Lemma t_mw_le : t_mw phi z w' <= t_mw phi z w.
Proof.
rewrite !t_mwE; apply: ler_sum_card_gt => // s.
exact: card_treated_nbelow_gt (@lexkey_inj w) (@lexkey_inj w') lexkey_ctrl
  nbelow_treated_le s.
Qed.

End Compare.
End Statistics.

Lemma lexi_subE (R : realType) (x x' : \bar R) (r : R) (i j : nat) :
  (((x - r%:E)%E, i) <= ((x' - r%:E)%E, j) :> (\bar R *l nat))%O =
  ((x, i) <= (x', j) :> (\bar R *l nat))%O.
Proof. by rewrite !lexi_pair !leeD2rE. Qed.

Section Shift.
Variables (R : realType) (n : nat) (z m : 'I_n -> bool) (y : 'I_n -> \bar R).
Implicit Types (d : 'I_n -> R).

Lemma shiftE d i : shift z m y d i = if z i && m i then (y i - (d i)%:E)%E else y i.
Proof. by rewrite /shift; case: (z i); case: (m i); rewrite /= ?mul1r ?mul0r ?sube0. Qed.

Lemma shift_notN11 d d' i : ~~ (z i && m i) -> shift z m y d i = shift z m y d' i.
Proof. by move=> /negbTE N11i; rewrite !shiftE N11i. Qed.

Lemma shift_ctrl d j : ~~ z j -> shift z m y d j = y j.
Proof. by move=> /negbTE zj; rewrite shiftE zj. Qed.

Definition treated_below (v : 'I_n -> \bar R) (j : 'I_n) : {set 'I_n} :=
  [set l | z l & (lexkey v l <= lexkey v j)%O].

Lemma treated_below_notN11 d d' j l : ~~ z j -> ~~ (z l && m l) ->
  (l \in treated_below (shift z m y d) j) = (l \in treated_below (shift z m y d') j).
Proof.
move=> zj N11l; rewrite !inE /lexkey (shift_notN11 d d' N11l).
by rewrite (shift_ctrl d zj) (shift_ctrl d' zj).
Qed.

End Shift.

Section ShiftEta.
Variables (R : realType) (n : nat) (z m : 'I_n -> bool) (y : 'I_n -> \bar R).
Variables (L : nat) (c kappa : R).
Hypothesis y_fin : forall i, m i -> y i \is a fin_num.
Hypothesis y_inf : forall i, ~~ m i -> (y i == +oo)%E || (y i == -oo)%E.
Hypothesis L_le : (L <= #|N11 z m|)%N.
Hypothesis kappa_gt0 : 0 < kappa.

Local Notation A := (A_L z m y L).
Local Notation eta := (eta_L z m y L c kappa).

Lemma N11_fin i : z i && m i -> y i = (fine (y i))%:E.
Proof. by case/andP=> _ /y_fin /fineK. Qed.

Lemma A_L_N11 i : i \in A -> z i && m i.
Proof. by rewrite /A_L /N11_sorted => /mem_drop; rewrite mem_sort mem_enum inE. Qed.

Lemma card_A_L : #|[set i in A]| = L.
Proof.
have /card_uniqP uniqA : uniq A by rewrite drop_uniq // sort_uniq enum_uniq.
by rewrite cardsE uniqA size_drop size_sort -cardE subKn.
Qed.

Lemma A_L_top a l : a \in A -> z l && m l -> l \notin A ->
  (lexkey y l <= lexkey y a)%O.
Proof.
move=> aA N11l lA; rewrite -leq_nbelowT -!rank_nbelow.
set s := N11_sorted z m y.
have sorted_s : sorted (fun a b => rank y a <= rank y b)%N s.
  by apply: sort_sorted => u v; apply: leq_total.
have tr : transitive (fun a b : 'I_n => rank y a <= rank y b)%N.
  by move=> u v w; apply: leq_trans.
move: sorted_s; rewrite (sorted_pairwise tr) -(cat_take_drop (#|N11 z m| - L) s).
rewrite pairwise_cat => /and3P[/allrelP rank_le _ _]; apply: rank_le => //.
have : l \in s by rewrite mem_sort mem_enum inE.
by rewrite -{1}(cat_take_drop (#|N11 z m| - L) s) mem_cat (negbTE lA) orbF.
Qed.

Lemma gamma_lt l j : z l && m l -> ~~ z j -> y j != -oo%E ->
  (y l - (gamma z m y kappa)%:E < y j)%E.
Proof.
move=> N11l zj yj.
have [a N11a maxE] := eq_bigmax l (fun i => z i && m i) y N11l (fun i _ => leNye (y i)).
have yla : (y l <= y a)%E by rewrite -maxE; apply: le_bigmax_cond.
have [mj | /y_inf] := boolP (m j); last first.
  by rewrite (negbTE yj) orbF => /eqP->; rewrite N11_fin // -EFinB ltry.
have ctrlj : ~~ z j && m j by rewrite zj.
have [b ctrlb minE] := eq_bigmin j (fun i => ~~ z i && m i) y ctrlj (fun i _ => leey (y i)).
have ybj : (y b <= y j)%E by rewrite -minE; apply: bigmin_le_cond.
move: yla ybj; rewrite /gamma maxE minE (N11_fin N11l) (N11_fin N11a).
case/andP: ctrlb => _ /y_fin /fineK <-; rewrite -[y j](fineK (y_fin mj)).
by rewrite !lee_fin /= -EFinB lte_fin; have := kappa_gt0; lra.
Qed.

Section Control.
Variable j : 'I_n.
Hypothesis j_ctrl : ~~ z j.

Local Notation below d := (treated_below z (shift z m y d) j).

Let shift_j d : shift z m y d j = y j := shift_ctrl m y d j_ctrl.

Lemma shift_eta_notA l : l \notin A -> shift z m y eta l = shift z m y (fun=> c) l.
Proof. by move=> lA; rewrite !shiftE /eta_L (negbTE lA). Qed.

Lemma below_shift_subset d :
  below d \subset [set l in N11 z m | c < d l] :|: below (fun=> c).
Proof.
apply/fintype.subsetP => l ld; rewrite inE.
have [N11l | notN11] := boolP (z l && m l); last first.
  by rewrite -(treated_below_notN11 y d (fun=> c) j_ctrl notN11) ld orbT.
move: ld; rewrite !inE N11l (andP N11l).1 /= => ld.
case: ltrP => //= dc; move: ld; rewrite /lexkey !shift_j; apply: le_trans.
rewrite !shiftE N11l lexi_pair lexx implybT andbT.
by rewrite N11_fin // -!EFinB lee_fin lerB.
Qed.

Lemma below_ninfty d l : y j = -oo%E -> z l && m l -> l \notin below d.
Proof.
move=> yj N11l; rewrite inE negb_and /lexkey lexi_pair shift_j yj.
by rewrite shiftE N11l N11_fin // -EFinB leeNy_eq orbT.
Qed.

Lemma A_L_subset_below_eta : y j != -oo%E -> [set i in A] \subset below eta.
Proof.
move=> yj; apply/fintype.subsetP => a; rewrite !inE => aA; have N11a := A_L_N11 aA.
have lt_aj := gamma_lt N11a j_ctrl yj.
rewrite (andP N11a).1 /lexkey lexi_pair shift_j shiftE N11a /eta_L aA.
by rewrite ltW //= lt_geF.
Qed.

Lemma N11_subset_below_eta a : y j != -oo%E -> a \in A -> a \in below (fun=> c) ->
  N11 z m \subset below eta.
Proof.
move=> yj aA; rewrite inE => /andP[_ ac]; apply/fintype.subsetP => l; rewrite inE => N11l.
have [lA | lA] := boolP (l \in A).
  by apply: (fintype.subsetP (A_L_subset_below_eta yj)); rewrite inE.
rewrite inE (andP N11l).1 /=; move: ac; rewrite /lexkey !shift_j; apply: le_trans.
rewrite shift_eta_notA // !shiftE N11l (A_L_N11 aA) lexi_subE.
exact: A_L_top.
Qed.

※

From the first line to the last, copy every record exactly.

Lemma t_mw_le : t_mw phi z w' <= t_mw phi z w.
Proof.
rewrite !t_mwE; apply: ler_sum_card_gt => // s.
exact: card_treated_nbelow_gt (@lexkey_inj w) (@lexkey_inj w') lexkey_ctrl
  nbelow_treated_le s.
Qed.

End Compare.
End Statistics.

Lemma lexi_subE (R : realType) (x x' : \bar R) (r : R) (i j : nat) :
  (((x - r%:E)%E, i) <= ((x' - r%:E)%E, j) :> (\bar R *l nat))%O =
  ((x, i) <= (x', j) :> (\bar R *l nat))%O.
Proof. by rewrite !lexi_pair !leeD2rE. Qed.

Section Shift.
Variables (R : realType) (n : nat) (z m : 'I_n -> bool) (y : 'I_n -> \bar R).
Implicit Types (d : 'I_n -> R).

Lemma shiftE d i : shift z m y d i = if z i && m i then (y i - (d i)%:E)%E else y i.
Proof. by rewrite /shift; case: (z i); case: (m i); rewrite /= ?mul1r ?mul0r ?sube0. Qed.

Lemma shift_notN11 d d' i : ~~ (z i && m i) -> shift z m y d i = shift z m y d' i.
Proof. by move=> /negbTE N11i; rewrite !shiftE N11i. Qed.

Lemma shift_ctrl d j : ~~ z j -> shift z m y d j = y j.
Proof. by move=> /negbTE zj; rewrite shiftE zj. Qed.

Definition treated_below (v : 'I_n -> \bar R) (j : 'I_n) : {set 'I_n} :=
  [set l | z l & (lexkey v l <= lexkey v j)%O].

Lemma treated_below_notN11 d d' j l : ~~ z j -> ~~ (z l && m l) ->
  (l \in treated_below (shift z m y d) j) = (l \in treated_below (shift z m y d') j).
Proof.
move=> zj N11l; rewrite !inE /lexkey (shift_notN11 d d' N11l).
by rewrite (shift_ctrl d zj) (shift_ctrl d' zj).
Qed.

End Shift.

Section ShiftEta.
Variables (R : realType) (n : nat) (z m : 'I_n -> bool) (y : 'I_n -> \bar R).
Variables (L : nat) (c kappa : R).
Hypothesis y_fin : forall i, m i -> y i \is a fin_num.
Hypothesis y_inf : forall i, ~~ m i -> (y i == +oo)%E || (y i == -oo)%E.
Hypothesis L_le : (L <= #|N11 z m|)%N.
Hypothesis kappa_gt0 : 0 < kappa.

Local Notation A := (A_L z m y L).
Local Notation eta := (eta_L z m y L c kappa).

Lemma N11_fin i : z i && m i -> y i = (fine (y i))%:E.
Proof. by case/andP=> _ /y_fin /fineK. Qed.

Lemma A_L_N11 i : i \in A -> z i && m i.
Proof. by rewrite /A_L /N11_sorted => /mem_drop; rewrite mem_sort mem_enum inE. Qed.

Lemma card_A_L : #|[set i in A]| = L.
Proof.
have /card_uniqP uniqA : uniq A by rewrite drop_uniq // sort_uniq enum_uniq.
by rewrite cardsE uniqA size_drop size_sort -cardE subKn.
Qed.

Lemma A_L_top a l : a \in A -> z l && m l -> l \notin A ->
  (lexkey y l <= lexkey y a)%O.
Proof.
move=> aA N11l lA; rewrite -leq_nbelowT -!rank_nbelow.
set s := N11_sorted z m y.
have sorted_s : sorted (fun a b => rank y a <= rank y b)%N s.
  by apply: sort_sorted => u v; apply: leq_total.
have tr : transitive (fun a b : 'I_n => rank y a <= rank y b)%N.
  by move=> u v w; apply: leq_trans.
move: sorted_s; rewrite (sorted_pairwise tr) -(cat_take_drop (#|N11 z m| - L) s).
rewrite pairwise_cat => /and3P[/allrelP rank_le _ _]; apply: rank_le => //.
have : l \in s by rewrite mem_sort mem_enum inE.
by rewrite -{1}(cat_take_drop (#|N11 z m| - L) s) mem_cat (negbTE lA) orbF.
Qed.

Lemma gamma_lt l j : z l && m l -> ~~ z j -> y j != -oo%E ->
  (y l - (gamma z m y kappa)%:E < y j)%E.
Proof.
move=> N11l zj yj.
have [a N11a maxE] := eq_bigmax l (fun i => z i && m i) y N11l (fun i _ => leNye (y i)).
have yla : (y l <= y a)%E by rewrite -maxE; apply: le_bigmax_cond.
have [mj | /y_inf] := boolP (m j); last first.
  by rewrite (negbTE yj) orbF => /eqP->; rewrite N11_fin // -EFinB ltry.
have ctrlj : ~~ z j && m j by rewrite zj.
have [b ctrlb minE] := eq_bigmin j (fun i => ~~ z i && m i) y ctrlj (fun i _ => leey (y i)).
have ybj : (y b <= y j)%E by rewrite -minE; apply: bigmin_le_cond.
move: yla ybj; rewrite /gamma maxE minE (N11_fin N11l) (N11_fin N11a).
case/andP: ctrlb => _ /y_fin /fineK <-; rewrite -[y j](fineK (y_fin mj)).
by rewrite !lee_fin /= -EFinB lte_fin; have := kappa_gt0; lra.
Qed.

Section Control.
Variable j : 'I_n.
Hypothesis j_ctrl : ~~ z j.

Local Notation below d := (treated_below z (shift z m y d) j).

Let shift_j d : shift z m y d j = y j := shift_ctrl m y d j_ctrl.

Lemma shift_eta_notA l : l \notin A -> shift z m y eta l = shift z m y (fun=> c) l.
Proof. by move=> lA; rewrite !shiftE /eta_L (negbTE lA). Qed.

Lemma below_shift_subset d :
  below d \subset [set l in N11 z m | c < d l] :|: below (fun=> c).
Proof.
apply/fintype.subsetP => l ld; rewrite inE.
have [N11l | notN11] := boolP (z l && m l); last first.
  by rewrite -(treated_below_notN11 y d (fun=> c) j_ctrl notN11) ld orbT.
move: ld; rewrite !inE N11l (andP N11l).1 /= => ld.
case: ltrP => //= dc; move: ld; rewrite /lexkey !shift_j; apply: le_trans.
rewrite !shiftE N11l lexi_pair lexx implybT andbT.
by rewrite N11_fin // -!EFinB lee_fin lerB.
Qed.

Lemma below_ninfty d l : y j = -oo%E -> z l && m l -> l \notin below d.
Proof.
move=> yj N11l; rewrite inE negb_and /lexkey lexi_pair shift_j yj.
by rewrite shiftE N11l N11_fin // -EFinB leeNy_eq orbT.
Qed.

Lemma A_L_subset_below_eta : y j != -oo%E -> [set i in A] \subset below eta.
Proof.
move=> yj; apply/fintype.subsetP => a; rewrite !inE => aA; have N11a := A_L_N11 aA.
have lt_aj := gamma_lt N11a j_ctrl yj.
rewrite (andP N11a).1 /lexkey lexi_pair shift_j shiftE N11a /eta_L aA.
by rewrite ltW //= lt_geF.
Qed.

Lemma N11_subset_below_eta a : y j != -oo%E -> a \in A -> a \in below (fun=> c) ->
  N11 z m \subset below eta.
Proof.
move=> yj aA; rewrite inE => /andP[_ ac]; apply/fintype.subsetP => l; rewrite inE => N11l.
have [lA | lA] := boolP (l \in A).
  by apply: (fintype.subsetP (A_L_subset_below_eta yj)); rewrite inE.
rewrite inE (andP N11l).1 /=; move: ac; rewrite /lexkey !shift_j; apply: le_trans.
rewrite shift_eta_notA // !shiftE N11l (A_L_N11 aA) lexi_subE.
exact: A_L_top.
Qed.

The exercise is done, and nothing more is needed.